There’s no denying any of that.

However, the chamber also acknowledges that Downtown must become “a safe and welcoming place for residents, visitors, workers, and businesses alike” to make significant investments in housing, infrastructure, amenities, and attractions possible.

It is indeed a chick-and-egg situation. Which will come first, public safety or economic investment? The chamber, and Gessing and Peterson, are correct. We must have both, and simultaneously.

That is why we support both the proposed TIF and BID. While shifting resources from other areas of the city to Downtown is fundamentally unfair, we’ve got to try something.

Capturing more of the tax revenue produced in Downtown and re-injecting those funds into public and private Downtown development projects could catalyze Downtown growth. Downtown is something we all should be willing to invest in. It’s the heart of our city and reflects on all of us.

And BIDs are, as the chamber notes, a national best practice relied on by most successful cities in the United States.

“Under a BID, downtown property owners organize and equip themselves with resources to uniquely promote and beautify downtown, support and plan events, add targeted security, create recreational opportunities, and more,” chamber leaders wrote.

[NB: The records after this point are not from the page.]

(* Under the hypotheses of Lemma 2.2, let $\varphi(U)=\phi(U)-\phi(I)U+[T,U]$ with $T=P_1\phi(P_1)P_2+P_2\phi(P_2)P_1$. Then for all $U_{ij},V_{ij}\in\mathcal{U}_{ij}$ ($i,j=1,2$): (1) $\varphi(U_{11}\circ V_{12})=\varphi(U_{11})\circ V_{12}+U_{11}\circ\varphi(V_{12})$; (2) $\varphi(U_{22}\circ V_{21})=\varphi(U_{22})\circ V_{21}+U_{22}\circ\varphi(V_{21})$; (3) $\varphi(U_{11}\circ V_{21})=\varphi(U_{11})\circ V_{21}+U_{11}\circ\varphi(V_{21})$; (4) $\varphi(U_{22}\circ V_{12})=\varphi(U_{22})\circ V_{12}+U_{22}\circ\varphi(V_{12})$; (5) $\varphi(U_{11}\circ V_{11})=\varphi(U_{11})\circ V_{11}+U_{11}\circ\varphi(V_{11})$; (6) $\varphi(U_{22}\circ V_{22})=\varphi(U_{22})\circ V_{22}+U_{22}\circ\varphi(V_{22})$; (7) $\varphi(U_{12}\circ V_{21})=\varphi(U_{12})\circ V_{21}+U_{12}\circ\varphi(V_{21})$; (8) $\varphi(U_{21}\circ V_{12})=\varphi(U_{21})\circ V_{12}+U_{21}\circ\varphi(V_{12})$.
   Context: $\mathcal{U}=\begin{pmatrix}\mathcal{A}&\mathcal{M}\\ \mathcal{N}&\mathcal{B}\end{pmatrix}$ is a generalized matrix ring: $\mathcal{A},\mathcal{B}$ unital 2-torsion free rings, $\mathcal{M}$ a unital $(\mathcal{A},\mathcal{B})$-bimodule faithful on both sides (if $A\mathcal{M}=\{0\}$ then $A=0$; if $\mathcal{M}B=\{0\}$ then $B=0$), $\mathcal{N}$ a unital $(\mathcal{B},\mathcal{A})$-bimodule, with bimodule pairings $MN\in\mathcal{A}$, $NM\in\mathcal{B}$ satisfying $(MN)M'=M(NM')$, $(NM)N'=N(MN')$; $\mathcal{U}$ consists of $2\times2$ matrices with usual matrix operations and identity $I$. The hypotheses of Lemma 2.2: $\phi:\mathcal{U}\to\mathcal{U}$ is additive and $\phi(U)\circ V+U\circ\phi(V)=0$ whenever $UV=VU=0$. $X\circ Y=XY+YX$, $[X,Y]=XY-YX$. $P_1=\mathrm{diag}(I_{\mathcal{A}},0)$, $P_2=\mathrm{diag}(0,I_{\mathcal{B}})$, and $\mathcal{U}_{ij}=P_i\mathcal{U}P_j$. *)

From HB Require Import structures.
From mathcomp Require Import all_boot all_order all_algebra.
Set Implicit Arguments. Unset Strict Implicit. Unset Printing Implicit Defensive.
Import GRing.Theory.
Local Open Scope ring_scope.
Section MonmapSection.
Variables (n m : nat) (h : 'I_n -> nat) (h' : 'I_m -> nat).
Hypotheses (mon_h : monmap m h) (h'K : forall j, nthf h' 0 (h j) = j).

Lemma monmap_section_strict (j k : 'I_n) : j < k -> h j < h k.
Proof.
move=> lt_jk; rewrite ltn_neqAle (proj2 mon_h) ?(ltnW lt_jk) // andbT.
by apply: contraTneq lt_jk => /(congr1 (nthf h' 0)); rewrite !h'K => ->; rewrite ltnn.
Qed.

Lemma monmap_section_ge (j : 'I_n) : j <= h j.
Proof.
case: j => j lt_jn /=; elim: j lt_jn => // j IHj lt_jn.
apply: leq_ltn_trans (IHj (ltnW lt_jn)) _.
exact: (monmap_section_strict (j := Ordinal (ltnW lt_jn)) (k := Ordinal lt_jn)).
Qed.

Lemma monmap_section_leq : n <= m.
Proof.
rewrite leqNgt; apply/negP => lt_mn.
by have := monmap_section_ge (Ordinal lt_mn); rewrite leqNgt (proj1 mon_h).
Qed.

End MonmapSection.

Lemma monmap_iso_id n m (h : 'I_n -> nat) (h' : 'I_m -> nat) :
  monmap m h -> monmap n h' ->
  (forall j, nthf h' 0 (h j) = j) -> (forall j, nthf h 0 (h' j) = j) ->
  n = m /\ forall j, h j = j.
Proof.
move=> mon_h mon_h' h'K hK; split.
  by apply/eqP; rewrite eqn_leq (monmap_section_leq mon_h h'K) (monmap_section_leq mon_h' hK).
move=> j; apply/eqP; rewrite eqn_leq (monmap_section_ge mon_h h'K) andbT.
have := monmap_section_ge mon_h' hK (Ordinal (proj1 mon_h j)).
by rewrite /= -(nthf_lt h' 0) h'K.
Qed.

Lemma hat_id n (h : 'I_n -> nat) : (forall j, h j = j) ->
  forall i, i <= n -> hat h i = i.
Proof.
move=> hE i le_in; rewrite /hat -[in iota 0 n](subnKC le_in) iotaD find_cat size_iota.
have -> : has (fun j => i <= nthf h 0 j) (iota 0 i) = false.
  apply/hasPn => j; rewrite mem_iota /= => lt_ji.
  by rewrite (nthf_lt h 0 (leq_trans lt_ji le_in)) hE /= -ltnNge.
case En: (n - i) => [|k] /=; first by rewrite addn0.
have lt_in : i < n by rewrite -subn_gt0 En.
by rewrite add0n (nthf_lt h 0 lt_in) hE leqnn addn0.
Qed.

Section ZigzagIso.
Variable D : Cat.
Implicit Types (X : zz D) (f g h : zmap D).

Definition zinverse g f :=
  zsrc g = ztgt f /\ ztgt g = zsrc f /\
  zcomp g f = zid (zsrc f) /\ zcomp f g = zid (ztgt f).

Lemma zinverse_sym g f : zinverse g f -> zinverse f g.
Proof. by case=> eg [eg' [gf fg]]; rewrite /zinverse eg eg'. Qed.

(* Objects and slices indexed by nat rather than by ordinals, so that zigzags
   whose lengths are only provably equal can be compared; out of range they
   take the junk value at index 0. *)
Definition robj X i := nthf (zr X) (zr X ord0) i.
Definition sobj X j := nthf (zs X) (zr X ord0) j.
Definition rslice h i := nthf (zfr h) (zfr h ord0) i.
Definition sslice h j := nthf (zfsing h) (zfr h ord0) j.

Lemma zinverse_vertical g f :
  zmap_valid f -> zmap_valid g -> zinverse g f -> pi_vertical f.
Proof.
case: g => Y X gs gr gsing vf [_ [_ [mon_g _]]] [/= eY [eX [gf fg]]]; subst X Y.
case: vf => _ [_ [mon_f _]].
have zfsK h1 h2 : zcomp h1 h2 = zid (zsrc h2) -> forall j, nthf (zfs h1) 0 (zfs h2 j) = j.
  by move=> E j; have := congr1 (fun h => nthf (zfs h) 0 j) E; rewrite /= !nthf_ord.
exact: monmap_iso_id mon_f mon_g (zfsK _ _ gf) (zfsK _ _ fg).
Qed.

Lemma rslice_zid X i : rslice (zid X) i = idt D (robj X i).
Proof. exact: (nthf_comp (idt D)). Qed.

Lemma sslice_zid X j : sslice (zid X) j = idt D (sobj X j).
Proof. exact: (nthf_comp (idt D)). Qed.

Lemma rslice_zcomp_vertical g f i : pi_vertical g -> i <= zlen (ztgt g) ->
  rslice (zcomp g f) i = comp D (rslice g i) (rslice f i).
Proof.
case=> eq_len gsE le_i; have lt_i : i < (zlen (ztgt g)).+1 := le_i.
by rewrite /rslice !(nthf_lt _ _ lt_i) /= hat_id ?eq_len.
Qed.

Lemma sslice_zcomp_vertical g f j : pi_vertical f -> j < zlen (zsrc f) ->
  sslice (zcomp g f) j = comp D (sslice g j) (sslice f j).
Proof.
by case=> _ fsE lt_j; rewrite /sslice !(nthf_lt _ _ lt_j) /= fsE.
Qed.

Lemma rslice_valid h i : zmap_valid h -> pi_vertical h -> i <= zlen (ztgt h) ->
  [/\ isArr D (rslice h i), dom D (rslice h i) = robj (zsrc h) i
    & cod D (rslice h i) = robj (ztgt h) i].
Proof.
case=> _ [_ [_ [valid_r _]]] [eq_len hsE] le_i.
have lt_i : i < (zlen (ztgt h)).+1 := le_i.
have [arr_r [dom_r cod_r]] := valid_r (Ordinal lt_i).
by rewrite /rslice /robj !(nthf_lt _ _ lt_i) dom_r cod_r hat_id ?eq_len.
Qed.

Lemma sslice_valid h j : zmap_valid h -> pi_vertical h -> j < zlen (zsrc h) ->
  [/\ isArr D (sslice h j), dom D (sslice h j) = sobj (zsrc h) j
    & cod D (sslice h j) = sobj (ztgt h) j].
Proof.
case=> _ [_ [_ [_ [valid_s _]]]] [_ hsE] lt_j.
have [arr_s [dom_s cod_s]] := valid_s (Ordinal lt_j).
by rewrite /sslice /sobj !(nthf_lt _ _ lt_j) dom_s cod_s hsE.
Qed.

Lemma zinverse_rslice_iso g f i : zmap_valid f -> zmap_valid g ->
  zinverse g f -> i <= zlen (ztgt f) -> is_iso D (rslice f i).
Proof.
move=> valid_f valid_g inv le_i.
have vert_f := zinverse_vertical valid_f valid_g inv.
have vert_g := zinverse_vertical valid_g valid_f (zinverse_sym inv).
case: inv => eg [eg' [gf fg]].
have le_ig : i <= zlen (ztgt g) by rewrite eg' (proj1 vert_f).
have [arr_f dom_f cod_f] := rslice_valid valid_f vert_f le_i.
have [arr_g dom_g cod_g] := rslice_valid valid_g vert_g le_ig.
split=> //; exists (rslice g i); rewrite dom_f cod_f dom_g cod_g eg eg'.
by rewrite -!rslice_zcomp_vertical // gf fg !rslice_zid.
Qed.

Lemma zinverse_sslice_iso g f j : zmap_valid f -> zmap_valid g ->
  zinverse g f -> j < zlen (zsrc f) -> is_iso D (sslice f j).
Proof.
move=> valid_f valid_g inv lt_j.
have vert_f := zinverse_vertical valid_f valid_g inv.
have vert_g := zinverse_vertical valid_g valid_f (zinverse_sym inv).
case: inv => eg [eg' [gf fg]].
have lt_jg : j < zlen (zsrc g) by rewrite eg -(proj1 vert_f).
have [arr_f dom_f cod_f] := sslice_valid valid_f vert_f lt_j.
have [arr_g dom_g cod_g] := sslice_valid valid_g vert_g lt_jg.
split=> //; exists (sslice g j); rewrite dom_f cod_f dom_g cod_g eg eg'.
by rewrite -!sslice_zcomp_vertical // gf fg !sslice_zid.
Qed.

And as Brunner noted, a BID allows businesses to run their own services, such as parking, marketing and security, creating greater buy-in.

“(B)usiness owners and property owners can petition the city to do a study and create a Business Improvement District, and then assess a fee across those property owners that that group of property owners then can use in their own interest to promote their businesses,” Brunner explained. “It’s really, in a sense, a business rights-, property owners’ rights-kind of organization.”

Empowering Downtown businesses to improve their lots with specific services will create more buy-in, and hopefully produce less finger-pointing. But without real improvements in crime and homelessness, and enhanced laws to keep dangerous criminals and repeat offenders off our streets, neither a TIF nor a BID will matter much.

Nonetheless, a Downtown TIF and BID are solid proposals if coupled with public safety improvements. And saving our Downtown is worth the effort.